[DESCRIPTION OF THE TASK]: Restate word for word the entries below, starting with the line with "imp (p q : fm Sy R)" and continuing through the line with "r (map (tmap g) args)". Include both of those lines and no others.

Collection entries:
┄┄┄┄┄┄

(* For any $\mathcal{L}^S$-theory $\Gamma$, $\Gamma+\Sigma_1$ is consistent if and only if $\Gamma+\Sigma_1^*$ is consistent.
   Context: $\mathcal{L}$ is a countable first-order language containing a binary relation symbol $<$; $\mathcal{L}^S$ is $\mathcal{L}$ expanded by Skolem function symbols and $T_{\mathrm{skolem}}$ the $\mathcal{L}^S$-theory asserting they are Skolem functions. $\lambda$ is a singular cardinal, $\eta=\mathrm{cf}(\lambda)$, $\langle\mu_i;i<\eta\rangle$ an increasing sequence of cardinals with limit $\lambda$, $C=\{c_{ij}\mid i<\eta,j<\mu_i\}$ and $C^*=\{c_{ij}\mid i,j<\omega\}$ are sets of new constant symbols. For a set $D$ of doubly indexed constants, the theory $\Sigma_1$ over $D$ consists of the following sentences, where ''term'' means $\mathcal{L}^S$-term and in every expression $\tau(c_{m_1n_1},\dots,c_{m_kn_k})$ the constants are strictly increasing in the lexicographic order of index pairs, all constants ranging over $D$: (i) $T_{\mathrm{skolem}}$ plus axioms that $<$ is a linear order; (ii) $c_{ij}<c_{kl}$ iff $(i,j)<(k,l)$ lexicographically; (iii) $\tau(c_{i_1j_1},\dots,c_{i_nj_n})<c_{ij}$ whenever $i_1,\dots,i_n<i$; (iv) for increasing $c_{i_1j_1},\dots,c_{i_nj_n}$ with $i_n>1$, any $j$, any $u\ge i_n$, any $l_1,\dots,l_{n-q}$: if $\tau(c_{i_1j_1},\dots,c_{i_nj_n})<c_{(i_n-1)j}$ then $\tau(\bar c,c_{i_{q+1}j_{q+1}},\dots,c_{i_nj_n})=\tau(\bar c,c_{ul_1},\dots,c_{ul_{n-q}})$, where $q$ is the greatest integer with $i_q\ne i_n$ ($q=0$ if none) and $\bar c=\langle c_{i_1j_1},\dots,c_{i_qj_q}\rangle$. $\Sigma_1$ denotes this theory over $C$ (an $\mathcal{L}^S(C)$-theory), and $\Sigma_1^*$ this theory over $C^*$ (an $\mathcal{L}^S(C^* )$-theory). *)

From Stdlib Require Import List Arith Sorted.
Import ListNotations.

Record lang := {
  Fun : Type;
  Rel : Type;
  far : Fun -> nat;
  rar : Rel -> nat;
  ltRel : Rel;
  ltRel_ar : rar ltRel = 2;
  Fun_countable : exists e : Fun -> nat, forall x y, e x = e y -> x = y;
  Rel_countable : exists e : Rel -> nat, forall x y, e x = e y -> x = y
}.

Inductive tm (Sy : Type) : Type :=
| var (n : nat)
| app (f : Sy) (args : list (tm Sy)).
Arguments var {Sy} n.
Arguments app {Sy} f args.

Inductive fm (Sy R : Type) : Type :=
| bot
| atom (r : R) (args : list (tm Sy))
| eqf (s t : tm Sy)
| imp (p q : fm Sy R)
| all (p : fm Sy R).
Arguments bot {Sy R}.
Arguments atom {Sy R} r args.
Arguments eqf {Sy R} s t.
Arguments imp {Sy R} p q.
Arguments all {Sy R} p.

Definition neg {Sy R} (p : fm Sy R) : fm Sy R := imp p bot.
Definition ex {Sy R} (p : fm Sy R) : fm Sy R := neg (all (neg p)).
Definition orf {Sy R} (p q : fm Sy R) : fm Sy R := imp (neg p) q.

Fixpoint tmap {Sy Sy'} (g : Sy -> Sy') (t : tm Sy) : tm Sy' :=
  match t with
  | var n => var n
  | app f args => app (g f) (map (tmap g) args)
  end.

Fixpoint fmap {Sy Sy' R} (g : Sy -> Sy') (p : fm Sy R) : fm Sy' R :=
  match p with
  | bot => bot
  | atom r args => atom r (map (tmap g) args)
  | eqf s t => eqf (tmap g s) (tmap g t)
  | imp p q => imp (fmap g p) (fmap g q)
  | all p => all (fmap g p)
  end.

Fixpoint tsubst {Sy} (s : nat -> tm Sy) (t : tm Sy) : tm Sy :=
  match t with
  | var n => s n
  | app f args => app f (map (tsubst s) args)
  end.

Definition up {Sy} (s : nat -> tm Sy) : nat -> tm Sy :=
  fun n => match n with 0 => var 0 | S m => tsubst (fun k => var (S k)) (s m) end.

Fixpoint fsubst {Sy R} (s : nat -> tm Sy) (p : fm Sy R) : fm Sy R :=
  match p with
  | bot => bot
  | atom r args => atom r (map (tsubst s) args)
  | eqf a b => eqf (tsubst s a) (tsubst s b)
  | imp p q => imp (fsubst s p) (fsubst s q)
  | all p => all (fsubst (up s) p)
  end.

Definition shift {Sy} : nat -> tm Sy := fun n => var (S n).
Definition inst1 {Sy} (t : tm Sy) : nat -> tm Sy :=
  fun n => match n with 0 => t | S m => var m end.

(* 1 + the largest free variable (0 if none) *)
Fixpoint tbound {Sy} (t : tm Sy) : nat :=
  match t with
  | var n => S n
  | app _ args => fold_right max 0 (map tbound args)
  end.

Fixpoint fbound {Sy R} (p : fm Sy R) : nat :=
  match p with
  | bot => 0
  | atom _ args => fold_right max 0 (map tbound args)
  | eqf s t => max (tbound s) (tbound t)
  | imp p q => max (fbound p) (fbound q)
  | all p => pred (fbound p)
  end.

Definition sentence {Sy R} (p : fm Sy R) : Prop := fbound p = 0.

Fixpoint twf {Sy} (ar : Sy -> nat) (t : tm Sy) : Prop :=
  match t with
  | var _ => True
  | app f args => length args = ar f /\
      (fix go (l : list (tm Sy)) : Prop :=
         match l with [] => True | u :: l' => twf ar u /\ go l' end) args
  end.

Fixpoint fwf {Sy R} (ar : Sy -> nat) (rr : R -> nat) (p : fm Sy R) : Prop :=
  match p with
  | bot => True
  | atom r args => length args = rr r /\ Forall (twf ar) args
  | eqf s t => twf ar s /\ twf ar t
  | imp p q => fwf ar rr p /\ fwf ar rr q
  | all p => fwf ar rr p
  end.

Inductive nd {Sy R} : list (fm Sy R) -> fm Sy R -> Prop :=
| ndAx A p : In p A -> nd A p
| ndImpI A p q : nd (p :: A) q -> nd A (imp p q)
| ndImpE A p q : nd A (imp p q) -> nd A p -> nd A q
| ndAllI A p : nd (map (fsubst shift) A) p -> nd A (all p)
| ndAllE A p t : nd A (all p) -> nd A (fsubst (inst1 t) p)
| ndRAA A p : nd (neg p :: A) bot -> nd A p
| ndRefl A t : nd A (eqf t t)
| ndEqE A p s t : nd A (eqf s t) -> nd A (fsubst (inst1 s) p) ->
                  nd A (fsubst (inst1 t) p).

Definition consistent {Sy R} (T : fm Sy R -> Prop) : Prop :=
  ~ exists A : list (fm Sy R), (forall p, In p A -> T p) /\ nd A bot.

(* The Skolem expansion L^S: one new function symbol f_phi for every
   L^S-formula phi; variable 0 of phi is the witnessed variable and
   the variables 1..k are the parameters, k = fbound phi - 1. *)

Inductive ssym (L : lang) : Type :=
| Base (f : Fun L)
| Sk (phi : fm (ssym L) (Rel L)).
Arguments Base {L} f.
Arguments Sk {L} phi.

Definition sarity {L : lang} (s : ssym L) : nat :=
  match s with Base f => far L f | Sk phi => pred (fbound phi) end.

Definition LSfm (L : lang) := fm (ssym L) (Rel L).
Definition LSterm (L : lang) := tm (ssym L).

Definition LS_theory {L : lang} (G : LSfm L -> Prop) : Prop :=
  forall p, G p -> sentence p /\ fwf sarity (rar L) p.
(* With $f$ as in the context (and $n\ge 3$), if $u\in U$ satisfies $u\wedge V\subseteq Vf$, then $u=0$.
   Context: Let $p$ be a prime, $\mathbb{F}=\mathrm{GF}(p)$, and $n\ge 3$. Let $V$ be an $\mathbb{F}$-vector space with basis $v_0,\dots,v_n$, $U=\langle v_1,\dots,v_n\rangle$, $W=\Lambda^2V$, and for $x\in V$, $x\wedge V=\{x\wedge y:y\in V\}$. Maps are written on the right. The linear map $f:V\to W$ is given by $v_0f=\sum_{i=1}^n b_i\, v_0\wedge v_i+\sum_{1\le j<k\le n}c_{j,k}\, v_j\wedge v_k$ and $v_if=\sum_{j=1}^n A_{i,j}\, v_0\wedge v_j$ for $1\le i\le n$, where $b\in\mathbb{F}^n$ and $c=(c_{j,k})\in\mathbb{F}^{\binom n2}$ are nonzero, and $A$ is the $n\times n$ companion matrix of the minimal polynomial over $\mathbb{F}$ of a primitive element of $\mathrm{GF}(p^n)$. *)

From HB Require Import structures.
From mathcomp Require Import all_boot all_order all_algebra all_field.
Set Implicit Arguments. Unset Strict Implicit. Unset Printing Implicit Defensive.
Import GRing.Theory.
Local Open Scope ring_scope.

(* Model of V = F^{n+1} (row vectors, maps written on the right) with basis
   v_0..v_n = delta_mx 0 i, and of W = Lambda^2 V as alternating matrices:
   x /\ y  is represented by  x^T y - y^T x. *)
Definition basisv {F : fieldType} {m : nat} (i : 'I_m) : 'rV[F]_m :=
  delta_mx 0 i.

Definition wedge {F : fieldType} {m : nat} (x y : 'rV[F]_m) : 'M[F]_m :=
  x^T *m y - y^T *m x.

(* Companion matrix of a (monic, degree n) polynomial q, acting on row
   vectors on the right: e_i A = e_{i+1} (i < n-1), e_{n-1} A = - sum q_j e_j. *)
Definition companion (F : fieldType) (n : nat) (q : {poly F}) : 'M[F]_n :=
  \matrix_(i < n, j < n)
     ((if (i.+1 == j :> nat)%N then 1 else 0) - (if (i == n.-1 :> nat)%N then q`_j else 0)).

(* The linear map f : V -> W of the paper, V = F^{n+1}.
   Index 0 of 'I_n.+1 is v_0; index  lift ord0 i  (i : 'I_n) is v_{i+1}. *)
Definition f_v0 (F : fieldType) (n : nat) (b : 'rV[F]_n)
    (c : 'I_n -> 'I_n -> F) : 'M[F]_n.+1 :=
  \sum_(i < n) b 0 i *: wedge (basisv ord0) (basisv (lift ord0 i))
  + \sum_(j < n) \sum_(k < n | (j < k)%N)
       c j k *: wedge (basisv (lift ord0 j)) (basisv (lift ord0 k)).

Definition f_vi (F : fieldType) (n : nat) (A : 'M[F]_n) (i : 'I_n)
    : 'M[F]_n.+1 :=
  \sum_(j < n) A i j *: wedge (basisv ord0) (basisv (lift ord0 j)).

Definition fmap (F : fieldType) (n : nat) (b : 'rV[F]_n)
    (c : 'I_n -> 'I_n -> F) (A : 'M[F]_n) (x : 'rV[F]_n.+1) : 'M[F]_n.+1 :=
  x 0 ord0 *: f_v0 b c + \sum_(i < n) x 0 (lift ord0 i) *: f_vi A i.

From HB Require Import structures.
From mathcomp Require Import all_boot all_order all_algebra all_field.
From mathcomp Require Import zify.
Import GRing.Theory.
Local Open Scope ring_scope.

(* Only [v_0 f] has components in [U /\ U], so on that block [Vf] is the line
   spanned by [v_0 f].  If [u = sum u_i v_i] has [u_a != 0] (a >= 1), pick two
   further indices [j != k] among [1..n] (here [n >= 3] is used).  The
   [U /\ U]-block of [u /\ v_j] is nonzero at [(a, j)], while that of
   [u /\ v_k] vanishes at [(a, j)] but not at [(a, k)]; the latter cannot be a
   multiple of [v_0 f]. *)

Lemma wedgeE (F : fieldType) m (x y : 'rV[F]_m) r s :
  wedge x y r s = x 0 r * y 0 s - y 0 r * x 0 s.
Proof. by rewrite /wedge !mxE !big_ord1 !mxE. Qed.

Lemma basisvE (F : fieldType) m (j i : 'I_m) :
  (basisv j : 'rV[F]_m) 0 i = (j == i)%:R.
Proof. by rewrite /basisv mxE eqxx eq_sym. Qed.

Lemma wedge_basisv_neq (F : fieldType) m (u : 'rV[F]_m) (j r s : 'I_m) :
  j != r -> wedge u (basisv j) r s = u 0 r * (j == s)%:R.
Proof. by move=> /negbTE jr; rewrite wedgeE !basisvE jr mul0r subr0. Qed.

Lemma fmap_block (F : fieldType) n b c A (x : 'rV[F]_n.+1) r s :
  r != ord0 -> s != ord0 -> fmap b c A x r s = x 0 ord0 * f_v0 b c r s.
Proof.
move=> /negbTE r0 /negbTE s0.
rewrite /fmap mxE [X in _ + X]summxE big1 ?addr0 ?mxE // => i _.
rewrite mxE summxE big1 ?mulr0 // => k _.
by rewrite mxE wedgeE !basisvE !(eq_sym ord0) r0 s0 mul0r mulr0 subr0 mulr0.
Qed.

Lemma exists_two_nonzero_ord_neq n (a : 'I_n.+1) : (3 <= n)%N ->
  exists j k : 'I_n.+1, [/\ j != ord0, k != ord0, j != a, k != a & j != k].
Proof.
move=> n3; have i1 : (1 < n.+1)%N by lia.
have i2 : (2 < n.+1)%N by lia.
have i3 : (3 < n.+1)%N by lia.
set o1 := Ordinal i1; set o2 := Ordinal i2; set o3 := Ordinal i3.
have [->|a1] := eqVneq a o1.
  by exists o2, o3; split; apply/eqP; move/(congr1 val).
have [->|a2] := eqVneq a o2.
  by exists o1, o3; split; apply/eqP; move/(congr1 val).
by exists o1, o2; split; rewrite 1?eq_sym //; apply/eqP; move/(congr1 val).
Qed.

Lemma wedge_sub_fmap_eq0 (F : fieldType) n b c (A : 'M[F]_n)
    (u : 'rV[F]_n.+1) : (3 <= n)%N -> u 0 ord0 = 0 ->
  (forall y, exists x, wedge u y = fmap b c A x) -> u = 0.
Proof.
move=> n3 u0 uV; apply/rowP => a; rewrite mxE; apply/eqP/negPn/negP => ua.
have a0 : a != ord0 by apply: contra ua => /eqP ->; rewrite u0.
have [j [k [j0 k0 ja ka jk]]] := @exists_two_nonzero_ord_neq n a n3.
have block y : exists x0, forall r s, r != ord0 -> s != ord0 ->
    wedge u y r s = x0 * f_v0 b c r s.
  by have [x ->] := uV y; exists (x 0 ord0) => r s; apply: fmap_block.
have [x uj] := block (basisv j); have [x' uk] := block (basisv k).
have uaj := uj a j a0 j0; have uakj := uk a j a0 j0; have uakk := uk a k a0 k0.
rewrite wedge_basisv_neq // eqxx mulr1 in uaj.
rewrite wedge_basisv_neq // eqxx mulr1 in uakk.
rewrite wedge_basisv_neq // eq_sym (negbTE jk) mulr0 in uakj.
have Maj : f_v0 b c a j != 0 by apply: contra ua => /eqP Mj; rewrite uaj Mj mulr0.
have x0 : x' = 0.
  by move/esym/eqP: uakj; rewrite mulf_eq0 (negbTE Maj) orbF => /eqP.
by move: ua; rewrite uakk x0 mul0r eqxx.
Qed.

Theorem lemma3p2 (p n : nat) (hp : prime p) (hn : (3 <= n)%N)
    (L : fieldExtType 'F_p) (hL : \dim {:L} = n)
    (z : L) (hz : (p ^ n).-1.-primitive_root z)
    (q : {poly 'F_p}) (hqm : q \is monic) (hqi : irreducible_poly q)
    (hqz : root (map_poly (in_alg L) q) z)
    (b : 'rV['F_p]_n) (hb : b != 0)
    (c : 'I_n -> 'I_n -> 'F_p)
    (hc : exists j k : 'I_n, (j < k)%N /\ c j k != 0)
    (u : 'rV['F_p]_n.+1) (hu : u 0 ord0 = 0)
    (huV : forall y : 'rV['F_p]_n.+1,
        exists x : 'rV['F_p]_n.+1, wedge u y = fmap b c (companion n q) x) :
  u = 0.
Proof. exact: wedge_sub_fmap_eq0 hn hu huV. Qed.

┄┄┄┄┄┄

[OUTPUT]:
| imp (p q : fm Sy R)
| all (p : fm Sy R).
Arguments bot {Sy R}.
Arguments atom {Sy R} r args.
Arguments eqf {Sy R} s t.
Arguments imp {Sy R} p q.
Arguments all {Sy R} p.

Definition neg {Sy R} (p : fm Sy R) : fm Sy R := imp p bot.
Definition ex {Sy R} (p : fm Sy R) : fm Sy R := neg (all (neg p)).
Definition orf {Sy R} (p q : fm Sy R) : fm Sy R := imp (neg p) q.

Fixpoint tmap {Sy Sy'} (g : Sy -> Sy') (t : tm Sy) : tm Sy' :=
  match t with
  | var n => var n
  | app f args => app (g f) (map (tmap g) args)
  end.

Fixpoint fmap {Sy Sy' R} (g : Sy -> Sy') (p : fm Sy R) : fm Sy' R :=
  match p with
  | bot => bot
  | atom r args => atom r (map (tmap g) args)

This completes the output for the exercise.